Please find the lines in the entries below that contain the word "true", and copy each one.
═════ DATA UNDER STUDY
(* Let $a,b$ be positive integers and define the sequence $(U_n)_{n\ge1}$ by $U_1=a$, $U_2=b$ and $U_{n+2}=U_{n+1}+U_n$ for $n\ge1$. Then $(U_n)$ is exactly realizable if and only if $b=3a$.
   Context: For a homeomorphism $f:X\to X$ of a compact metric space $X$, let $\mathrm{Per}_n(f)=\#\{x\in X\mid f^n x=x\}$. A sequence $(U_n)_{n\ge1}$ of non-negative integers is called exactly realizable if there exist a compact metric space $X$ and a homeomorphism $f:X\to X$ with $\mathrm{Per}_n(f)=U_n$ for all $n\ge1$ (in particular each $\mathrm{Per}_n(f)$ is finite). *)

From HB Require Import structures.
From mathcomp Require Import all_boot all_order all_algebra.
From mathcomp Require Import all_classical all_reals all_analysis.
Set Implicit Arguments. Unset Strict Implicit. Unset Printing Implicit Defensive.
Import Order.TTheory GRing.Theory Num.Theory.
Local Open Scope classical_set_scope.

Definition per_set (X : Type) (f : X -> X) (n : nat) : set X :=
  [set x | iter n f x = x].

Definition homeomorphism (X : topologicalType) (f : X -> X) : Prop :=
  exists g : X -> X, [/\ cancel f g, cancel g f, continuous f & continuous g].

Definition exactly_realizable (R : realType) (U : nat -> nat) : Prop :=
  exists (X : metricType R) (f : X -> X),
    [/\ compact [set: X], homeomorphism f &
        forall n : nat, (0 < n)%N -> card_eq (per_set f n) `I_(U n)].

(* Necessity: for an injective map, the points of least period 2^(k+1) come in orbits of
   that length, so Per_(2^(k+1)) = Per_(2^k) mod 2^(k+1).  By induction
   U_n = a L_n + (b - 3a) F_(n-1), where L_n, the number of cyclic binary words of length n
   without two adjacent 1s, is the Lucas sequence; L satisfies the same congruences since
   it counts the periodic points of the golden mean shift.  Exactly one of 2^(k+1) - 1 and
   2^k - 1 is divisible by 3, so F_(2^(k+1)-1) - F_(2^k-1) is odd, hence 2^(k+1) divides
   b - 3a for every k, and b = 3a.
   Sufficiency: U_n = a L_n is realized by a coloured copies of the periodic points of the
   golden mean shift, made compact by letting them accumulate at a single fixed point. *)

From HB Require Import structures.
From mathcomp Require Import all_boot all_order all_algebra finmap.
From mathcomp Require Import all_classical all_reals all_analysis.
From mathcomp Require Import zify ring.
Set Implicit Arguments. Unset Strict Implicit. Unset Printing Implicit Defensive.
Import Order.TTheory GRing.Theory Num.Theory.
Local Open Scope classical_set_scope.
Local Open Scope card_scope.

(** * Dold congruences *)

Lemma iter_order_dvdn (T : finType) (s : T -> T) x t : injective s ->
  (iter t s x == x) = (order s x %| t).
Proof.
move=> s_inj; have iter_mul q : iter (q * order s x) s x = x.
  by rewrite iterM iter_fix // (iter_order s_inj).
apply/eqP/idP => [fix_x|/dvdnP[q ->] //].
have fix_mod : iter (t %% order s x) s x = x.
  by move: fix_x; rewrite {1}(divn_eq t (order s x)) addnC iterD iter_mul.
have := findex_iter (ltn_pmod t (order_gt0 s x)).
by rewrite fix_mod /findex /orbit -orderSpred /= eqxx /dvdn => <-.
Qed.

Lemma dvdn_card_nonfix_iter (T : finType) (s : T -> T) p k :
  prime p -> injective s -> (forall x, iter (p ^ k.+1) s x = x) ->
  p ^ k.+1 %| #|[pred x | iter (p ^ k) s x != x]|.
Proof.
move=> p_pr s_inj sN; set C := [pred x | _].
have C_order : C \subset order_set s (p ^ k.+1).
  apply/fintype.subsetP => x; rewrite !inE (iter_order_dvdn _ _ s_inj).
  have /dvdn_pfactor[// | j j_le ox] : order s x %| p ^ k.+1.
    by rewrite -(iter_order_dvdn _ _ s_inj) sN.
  rewrite ox dvdn_Pexp2l ?prime_gt1 // eqn_exp2l ?prime_gt1 //; lia.
have C_closed : fclosed s C.
  by move=> x _ /eqP <-; rewrite !inE -iterSr iterS (inj_eq s_inj).
by rewrite -(fcard_order_set s_inj C_order C_closed) dvdn_mull.
Qed.

Definition dold_at p (U : nat -> nat) :=
  forall k, exists m, U (p ^ k.+1) = U (p ^ k) + m * p ^ k.+1.

Lemma dold_prime_power (T : choiceType) (f : T -> T) (U : nat -> nat) p :
  injective f -> prime p -> (forall n, 0 < n -> per_set f n #= `I_(U n)) ->
  dold_at p U.
Proof.
move=> f_inj p_pr HU k; set N := p ^ k.+1; set M := p ^ k.
have M_gt0 : 0 < M by rewrite expn_gt0 prime_gt0.
have N_gt0 : 0 < N by rewrite expn_gt0 prime_gt0.
have finP n : 0 < n -> finite_set (per_set f n).
  by move=> n_gt0; apply/finite_setP; exists (U n); apply: HU.
have [finM finN] := (finP M M_gt0, finP N N_gt0).
pose A := fset_set (per_set f N).
have inA y : (y \in A) = (iter N f y == y).
  by rewrite in_fset_set //; apply/idP/eqP => [/set_mem|/mem_set].
have sA (x : A) : f (val x) \in A.
  by rewrite inA -iterSr iterS (inj_eq f_inj) -inA (valP x).
pose s (x : A) : A := FSetSub (sA x).
have s_inj : injective s by move=> x y /(congr1 val) /f_inj /val_inj.
have val_iter j x : val (iter j s x) = iter j f (val x) by elim: j => //= j ->.
have sN x : iter N s x = x.
  by apply: val_inj; rewrite val_iter; apply/eqP; rewrite -inA (valP x).
have [m Cm] := dvdnP (dvdn_card_nonfix_iter p_pr s_inj sN).
pose Q := fsub A (fset_set (per_set f M)).
have inQ x : (x \in Q) = (iter M s x == x).
  rewrite in_fsub in_fset_set // -(inj_eq val_inj) val_iter.
  by apply/idP/eqP => [/set_mem|/mem_set].
have cardQ : #|Q| = U M.
  rewrite card_fsub ?(card_fset_set (HU M M_gt0)) //.
  apply/fsubsetP => y; rewrite !in_fset_set // => /set_mem fix_y.
  by apply/mem_set; rewrite /per_set /= /N expnS iterM iter_fix.
exists m; rewrite -(card_fset_set (HU N N_gt0)) cardfE -cardQ -Cm -(cardC Q).
by congr addn; apply: eq_card => x; rewrite !inE -(inQ x) in_fsub.
Qed.

Fixpoint fib n := if n is n'.+1 then (if n' is n''.+1 then fib n' + fib n'' else 1) else 0.

Lemma odd_fib n : odd (fib n) = ~~ (3 %| n).
Proof.
suff : odd (fib n) = ~~ (3 %| n) /\ odd (fib n.+1) = ~~ (3 %| n.+1) by case.
elim: n => [|n [IHn IHSn]] //; split => //=; rewrite oddD IHn IHSn; lia.
Qed.

Lemma dvdn3_pred_exp2 k : (3 %| (2 ^ k.+1).-1) (+) (3 %| (2 ^ k).-1).
Proof.
have : ~~ (3 %| 2 ^ k) by rewrite Euclid_dvdX.
by rewrite expnS; move: (2 ^ k) (expn_gt0 2 k) => x; lia.
Qed.

Lemma fib_recE (R : pzSemiRingType) (V : nat -> R) :
  V 1 = 0%R -> (forall n, 0 < n -> V n.+2 = (V n.+1 + V n)%R) ->
  forall n, 0 < n -> V n = (V 2 * (fib n.-1)%:R)%R.
Proof.
move=> V1 VSS; suff VE n : V n.+1 = (V 2 * (fib n)%:R)%R /\ V n.+2 = (V 2 * (fib n.+1)%:R)%R.
  by case=> // n _; case: (VE n).
elim: n => [|n [IHn IHSn]]; first by rewrite V1 mulr0 mulr1.
by split => //; rewrite VSS // IHn IHSn -mulrDr -natrD.
Qed.

Lemma odd_distn (m n : nat) : odd `|m - n| = odd (m + n).
Proof.
have [le_mn|/ltnW le_nm] := leqP m n.
  by rewrite distnEr // oddB // oddD addbC.
by rewrite distnEl // oddB // oddD.
Qed.

Lemma pow_dvdn_eq0 p m : 1 < p -> (forall k, p ^ k %| m) -> m = 0.
Proof.
move=> p_gt1 dvd_m; apply/eqP; apply: contraT; rewrite -lt0n => m_gt0.
by have := dvdn_leq m_gt0 (dvd_m m); rewrite leqNgt ltn_expl.
Qed.

(** * Cyclic golden words *)

Fixpoint bool_words n : seq (seq bool) :=
  if n is n'.+1 then
    [seq true :: w | w <- bool_words n'] ++ [seq false :: w | w <- bool_words n']
  else [:: [::]].

Lemma bool_wordsS n :
  bool_words n.+1 = [seq true :: w | w <- bool_words n] ++ [seq false :: w | w <- bool_words n].
Proof. by []. Qed.

Lemma mem_bool_words n w : (w \in bool_words n) = (size w == n).
Proof.
elim: n w => [|n IHn] [|b w] //=; rewrite mem_cat.
  by apply/negbTE; rewrite negb_or; apply/andP; split; apply/mapP => -[].
rewrite eqSS -IHn; apply/orP/idP => [[] /mapP[v v_in [_ ->]] //|w_in].
by case: b; [left | right]; apply/mapP; exists w.
Qed.

Lemma bool_words_uniq n : uniq (bool_words n).
Proof.
have cons_inj (b : bool) : injective (cons b) by move=> ? ? [].
elim: n => //= n IHn; rewrite cat_uniq !(map_inj_uniq (cons_inj _)) IHn andbT /=.
by apply/hasPn => _ /mapP[v _ ->]; apply/mapP => -[].
Qed.

Fixpoint golden (w : seq bool) : bool :=
  if w is b :: w' then ~~ (b && head false w') && golden w' else true.

Lemma goldenP w :
  reflect (forall j, j.+1 < size w -> ~~ (nth false w j && nth false w j.+1)) (golden w).
Proof.
elim: w => [|b w IHw] /=; first by constructor.
apply: (iffP andP) => [[bw /IHw gw] [|j] /=|gbw]; last 1 first.
- split; last by apply/IHw => j; apply: (gbw j.+1).
  by case: w gbw {IHw} => [|c w] gbw //=; [rewrite andbF | apply: (gbw 0)].
- by case: w bw {IHw gw} => [|c w] //=; rewrite andbF.
- by rewrite ltnS; apply: gw.
Qed.

Definition golden_cycle w := golden w && ~~ (head false w && last false w).

Definition ngolden_cycles n := count golden_cycle (bool_words n).

Definition ngolden n h l :=
  count [pred w | [&& golden w, head false w == h & last false w == l]] (bool_words n).

Lemma count_predI_split (T : Type) (a b : pred T) s :
  count a s = count (predI a b) s + count (predI a (predC b)) s.
Proof. by elim: s => //= x s ->; case: (a x) (b x) => -[] /=; rewrite ?addnS ?addn0. Qed.

Lemma ngolden_cyclesE n :
  ngolden_cycles n = ngolden n false false + ngolden n false true + ngolden n true false.
Proof.
rewrite /ngolden_cycles (count_predI_split _ (fun w => ~~ head false w)).
rewrite (count_predI_split (predI _ _) (fun w => ~~ last false w)) /ngolden.
congr (_ + _ + _); apply: eq_count => w /=; rewrite /golden_cycle.
all: by case: (golden w) (head false w) (last false w) => -[] [].
Qed.

Lemma ngoldenSS n h l : ngolden n.+2 h l =
  if h then ngolden n.+1 false l else ngolden n.+1 false l + ngolden n.+1 true l.
Proof.
have last_cons b w : w \in bool_words n.+1 -> last b w = last false w.
  by rewrite mem_bool_words; case: w.
rewrite /ngolden bool_wordsS count_cat !count_map.
rewrite (eq_in_count (a1 := preim _ _)
  (a2 := [pred w | h && [&& golden w, head false w == false & last false w == l]])); last first.
  by move=> w /last_cons /= ->; case: h (golden w) (head false w) => -[] [].
rewrite [X in _ + X](eq_in_count
  (a2 := [pred w | ~~ h && (golden w && (last false w == l))])); last first.
  by move=> w _ /=; case: h (golden w) => -[].
case: h; first by rewrite [X in _ + X]count_pred0 addn0.
rewrite count_pred0 add0n [LHS](count_predI_split _ (fun w => ~~ head false w)).
congr (_ + _); apply: eq_count => w /=.
all: by case: (golden w) (head false w) (last false w == l) => -[] [].
Qed.

Lemma ngoldenSSS n h l : ngolden n.+3 h l = ngolden n.+2 h l + ngolden n.+1 h l.
Proof. by case: h; rewrite !ngoldenSS // addnC. Qed.

Lemma ngolden_cyclesSSS n :
  ngolden_cycles n.+3 = ngolden_cycles n.+2 + ngolden_cycles n.+1.
Proof. by rewrite !ngolden_cyclesE !ngoldenSSS; lia. Qed.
══════════
WRITTEN ANSWER:
    [seq true :: w | w <- bool_words n'] ++ [seq false :: w | w <- bool_words n']
  bool_words n.+1 = [seq true :: w | w <- bool_words n] ++ [seq false :: w | w <- bool_words n].
  if w is b :: w' then ~~ (b && head false w') && golden w' else true.
  ngolden_cycles n = ngolden n false false + ngolden n false true + ngolden n true false.
  if h then ngolden n.+1 false l else ngolden n.+1 false l + ngolden n.+1 true l.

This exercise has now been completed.